Capacitive Filters

Thread Starter

Jaziek

Joined Apr 21, 2011
4
I have a high pass and low pass filter, which look like this,



R1 = 1kΩ R2 = 10kΩ , and C1 = 10 nF

I need to find the breakpoint values for each of these filters. When I put them into LTSpice, it gives me 14.1kHz for the low pass filter, and 1.8kHz for the high pass filter.

But when I use the equation 1/(2∏RC) to work out what the values should be ideally, it gives me something noticeably different.

I know that this is because I'm not properly taking into account the second resistor, but I don't know how I to do this.

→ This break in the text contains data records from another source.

Lemma has_jet_sqrt g J :
  has_jet g J -> near_origin (fun s t => 0 < g s t) -> has_jet (fun s t => sqrt (g s t)) (jsqrt J).
Proof.
  apply (has_jet_comp sqrt (fun y => 1 / (2 * sqrt y)) (fun y => -1 / (4 * sqrt y ^ 3))
    (fun y => 3 / (8 * sqrt y ^ 5))). intros y Hy.
  assert (Hs : 0 < sqrt y) by now apply sqrt_lt_R0.
  split; [| split]; auto_derive.
  all: try (repeat split; auto; apply Rgt_not_eq; repeat apply Rmult_lt_0_compat; lra).
  all: field; apply Rgt_not_eq; exact Hs.
Qed.

Definition jet_w (w : vec -> vec) (pi : vec -> R) (x dx Dx : vec) : jet :=
  mkJ (pi (w x)) (pi (Dw1 w x dx)) (pi (Dw1 w x Dx)) (pi (Dw2 w x dx dx)) (pi (Dw2 w x Dx dx))
    (pi (Dw3 w x Dx dx dx)).

Section WindComponent.

Variables (w : vec -> vec) (pi : vec -> R).
Hypothesis pi_vDerive : forall (G : R -> vec) t, pi (vDerive G t) = Derive (fun s => pi (G s)) t.
Hypothesis pi_w_C3 : Ck 3 (fun x => pi (w x)).

Lemma pi_Dw1 Y h : pi (Dw1 w Y h) = diff1 (fun x => pi (w x)) Y h.
Proof.
  unfold Dw1. rewrite pi_vDerive.
  transitivity (diff1 (fun x => pi (w x)) (vadd Y (vscal 0 h)) h); [| now rewrite vadd_scal0].
  apply is_derive_unique. exact (is_derive_on_line 2 _ Y h 0 pi_w_C3).
Qed.

Lemma is_derive_pi_w_on_line Y h t0 :
  is_derive (fun t => pi (w (vadd Y (vscal t h)))) t0 (pi (Dw1 w (vadd Y (vscal t0 h)) h)).
Proof. rewrite pi_Dw1. exact (is_derive_on_line 2 _ Y h t0 pi_w_C3). Qed.

Lemma pi_Dw2 Y h k : pi (Dw2 w Y h k) = diff2 (fun x => pi (w x)) Y h k.
Proof.
  unfold Dw2. rewrite pi_vDerive.
  transitivity (diff2 (fun x => pi (w x)) (vadd Y (vscal 0 h)) h k); [| now rewrite vadd_scal0].
  rewrite (Derive_ext _ (fun t => diff1 (fun x => pi (w x)) (vadd Y (vscal t h)) k))
    by (intros; apply pi_Dw1).
  apply is_derive_unique. exact (is_derive_diff1_on_line 1 _ Y h k 0 pi_w_C3).
Qed.

Lemma is_derive_pi_Dw1_on_line Y h k t0 :
  is_derive (fun t => pi (Dw1 w (vadd Y (vscal t h)) k)) t0 (pi (Dw2 w (vadd Y (vscal t0 h)) h k)).
Proof.
  rewrite pi_Dw2. eapply is_derive_ext; [intros; symmetry; apply pi_Dw1 |].
  exact (is_derive_diff1_on_line 1 _ Y h k t0 pi_w_C3).
Qed.

Lemma pi_Dw3 Y h k l : pi (Dw3 w Y h k l) = diff3 (fun x => pi (w x)) Y h k l.
Proof.
  unfold Dw3. rewrite pi_vDerive.
  transitivity (diff3 (fun x => pi (w x)) (vadd Y (vscal 0 h)) h k l); [| now rewrite vadd_scal0].
  rewrite (Derive_ext _ (fun t => diff2 (fun x => pi (w x)) (vadd Y (vscal t h)) k l))
    by (intros; apply pi_Dw2).
  apply is_derive_unique. exact (is_derive_diff2_on_line 0 _ Y h k l 0 pi_w_C3).
Qed.

Lemma is_derive_pi_Dw2_on_line Y h k l t0 :
  is_derive (fun t => pi (Dw2 w (vadd Y (vscal t h)) k l)) t0
    (pi (Dw3 w (vadd Y (vscal t0 h)) h k l)).
Proof.
  rewrite pi_Dw3. eapply is_derive_ext; [intros; symmetry; apply pi_Dw2 |].
  exact (is_derive_diff2_on_line 0 _ Y h k l t0 pi_w_C3).
Qed.

Lemma plane_as_line_in_s x dx Dx s t :
  vadd x (vadd (vscal s dx) (vscal t Dx)) = vadd (vadd x (vscal t Dx)) (vscal s dx).
Proof. destruct x, dx, Dx; unfold vadd, vscal; simpl; f_equal; ring. Qed.

Lemma plane_at_s0 x dx Dx t : vadd x (vadd (vscal 0 dx) (vscal t Dx)) = vadd x (vscal t Dx).
Proof. destruct x, dx, Dx; unfold vadd, vscal; simpl; f_equal; ring. Qed.

Lemma has_jet_pi_w x dx Dx :
  has_jet (fun s t => pi (w (vadd x (vadd (vscal s dx) (vscal t Dx))))) (jet_w w pi x dx Dx).
Proof.
  apply (HasJet _ _ (fun s t => pi (Dw1 w (vadd x (vadd (vscal s dx) (vscal t Dx))) dx))
    (fun s t => pi (Dw2 w (vadd x (vadd (vscal s dx) (vscal t Dx))) dx dx)));
    simpl; try (now rewrite plane_at_s0, vadd_scal0).
  - exists 1. split; [lra |]. intros s t _ _. rewrite plane_as_line_in_s.
    split; (eapply is_derive_ext;
            [intros z; rewrite (plane_as_line_in_s x dx Dx z t); reflexivity |]).
    + apply is_derive_pi_w_on_line.
    + apply is_derive_pi_Dw1_on_line.
  - eapply is_derive_ext; [intros z; rewrite plane_at_s0; reflexivity |].
    pose proof (is_derive_pi_w_on_line x Dx 0) as K. now rewrite vadd_scal0 in K.
  - eapply is_derive_ext; [intros z; rewrite plane_at_s0; reflexivity |].
    pose proof (is_derive_pi_Dw1_on_line x Dx dx 0) as K. now rewrite vadd_scal0 in K.
  - eapply is_derive_ext; [intros z; rewrite plane_at_s0; reflexivity |].
    pose proof (is_derive_pi_Dw2_on_line x Dx dx dx 0) as K. now rewrite vadd_scal0 in K.
Qed.

End WindComponent.

(** * The jet of the cost *)

Definition cross (u v : vec) : R := fst u * snd v - snd u * fst v.

Lemma dot_sq_add_cross_sq u v : dot u v ^ 2 + cross u v ^ 2 = dot u u * dot v v.
Proof. unfold dot, cross; ring. Qed.

Lemma dot_self_nonneg u : 0 <= dot u u.
Proof. unfold dot. nra. Qed.

Lemma dot_self_pos u : u <> vzero -> 0 < dot u u.
Proof.
  intros Hu. destruct (Rle_lt_or_eq_dec _ _ (dot_self_nonneg u)) as [| E]; [easy |].
  exfalso. apply Hu. destruct u as [a b]. unfold dot in E; simpl in E.
  assert (a = 0) by nra. assert (b = 0) by nra. now subst.
Qed.

Lemma norm2_sq u : norm2 u ^ 2 = dot u u.
Proof. apply pow2_sqrt, dot_self_nonneg. Qed.

Lemma dot_lt_of_norm2_lt u v : norm2 u < v -> dot u u < v ^ 2.
Proof.
  intros H. rewrite <- norm2_sq. pose proof (sqrt_pos (dot u u)) as H0.
  fold (norm2 u) in H0. nra.
Qed.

How do I work out cutoff frequencies for filters in circuits with more than 1 resistor?

thanks :p
 
Last edited:

t_n_k

Joined Mar 6, 2009
5,455
If you add a load resistor Rload, then for the purpose of analysis R2 is replaced with Rload||R2. [ || meaning "in parallel with" ]
 

Thread Starter

Jaziek

Joined Apr 21, 2011
4
If you add a load resistor Rload, then for the purpose of analysis R2 is replaced with Rload||R2. [ || meaning "in parallel with" ]
Sorry I guess I phrased my question badly, used terminology wrongly and whatnot, I'm very new to electronics in general.

What I mean is, I don't know how to properly account for R2, because I've only ever seen examples of filters with 1 resistor.
 

Heavydoody

Joined Jul 31, 2009
140
R1 = 1kΩ R2 = 10kΩ , and C1 = 10 nF

I need to find the breakpoint values for each of these filters. When I put them into LTSpice, it gives me 14.1kHz for the low pass filter, and 1.8kHz for the high pass filter.

But when I use the equation 1/(2∏RC) to work out what the values should be ideally, it gives me something noticeably different.

I know that this is because I'm not properly taking into account the second resistor, but I don't know how I to do this.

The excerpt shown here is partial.